■ Exercise details ■
What lines in the entries hold the string "exact"? List them.

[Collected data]
-- Opening Marker --
Theorem theorem2 (d : measure_display) (T : measurableType d) (R : realType)
  (Y : finType) (K C : nat) (P : probability T R)
  (r : T -> Y -> R) (g : T -> 'I_K -> R)
  (yc : 'I_C -> Y) (Ic : 'I_C -> {set 'I_K}) (alpha : R)
  (r_ge0 : forall x y, 0 <= r x y)
  (r_bdd : exists M : R, forall x y, r x y <= M)
  (r_meas : forall y, measurable_fun setT (fun x => r x y))
  (g_01 : forall x k, 0 <= g x k <= 1)
  (g_meas : forall k, measurable_fun setT (fun x => g x k))
  (Eg_gt0 : forall k, 0 < Ex P (fun x => g x k))
  (alpha_01 : 0 <= alpha <= 1) :
  (* Part 1 *)
  (forall (rh : T -> Y -> R),
     (forall x y, 0 <= rh x y) ->
     (forall y, measurable_fun setT (fun x => rh x y)) ->
     forall pih : T -> Y -> R,
       lp_minimizer P rh g yc Ic alpha pih ->
       (lp_obj P r pih <= lp_opt P r g yc Ic alpha + eps_r P rh r)%E)
  /\
  (* Part 2 *)
  (forall (gh : T -> 'I_K -> R),
     (forall x k, 0 <= gh x k <= 1) ->
     (forall k, measurable_fun setT (fun x => gh x k)) ->
     (forall k, 0 < Ex P (fun x => gh x k)) ->
     let eps := eps_g P gh g in
     eps <= \big[Num.max/0]_(k < K)
              (2 * Ex P (fun x => `|gh x k - g x k|) / Ex P (fun x => g x k))
     /\
     forall pih : T -> Y -> R,
       lp_minimizer P r gh yc Ic alpha pih ->
       (lp_obj P r pih <= lp_opt P r g yc Ic alpha
          + (2 * sup_norm r * Num.min (1 - alpha) (eps / (alpha + eps)))%:E)%E
       /\
       (forall c k k', k \in Ic c -> k' \in Ic c ->
          `| Ex P (fun x => (g x k / Ex P (fun z => g z k)
                             - g x k' / Ex P (fun z => g z k')) * pih x (yc c)) |
            <= Num.min 1 (alpha + eps))).
Proof.
have rr : bounded_reward r by split.
have wg : group_weights P g by split.
split=> [rh rh0 mrh pih pih_min | gh gh01 mgh Egh eps].
  exact: lp_plugin_reward.
have wgh : group_weights P gh by split.
split=> [|pih pih_min]; first exact: eps_g_le.
split=> [|c k k' kc k'c]; first exact: lp_plugin_weights_obj.
exact: lp_plugin_weights_fair pih_min.1 kc k'c.
Qed.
-- Closing Marker --
■ Response to this task ■
  exact: lp_plugin_reward.
split=> [|pih pih_min]; first exact: eps_g_le.
split=> [|c k k' kc k'c]; first exact: lp_plugin_weights_obj.
exact: lp_plugin_weights_fair pih_min.1 kc k'c.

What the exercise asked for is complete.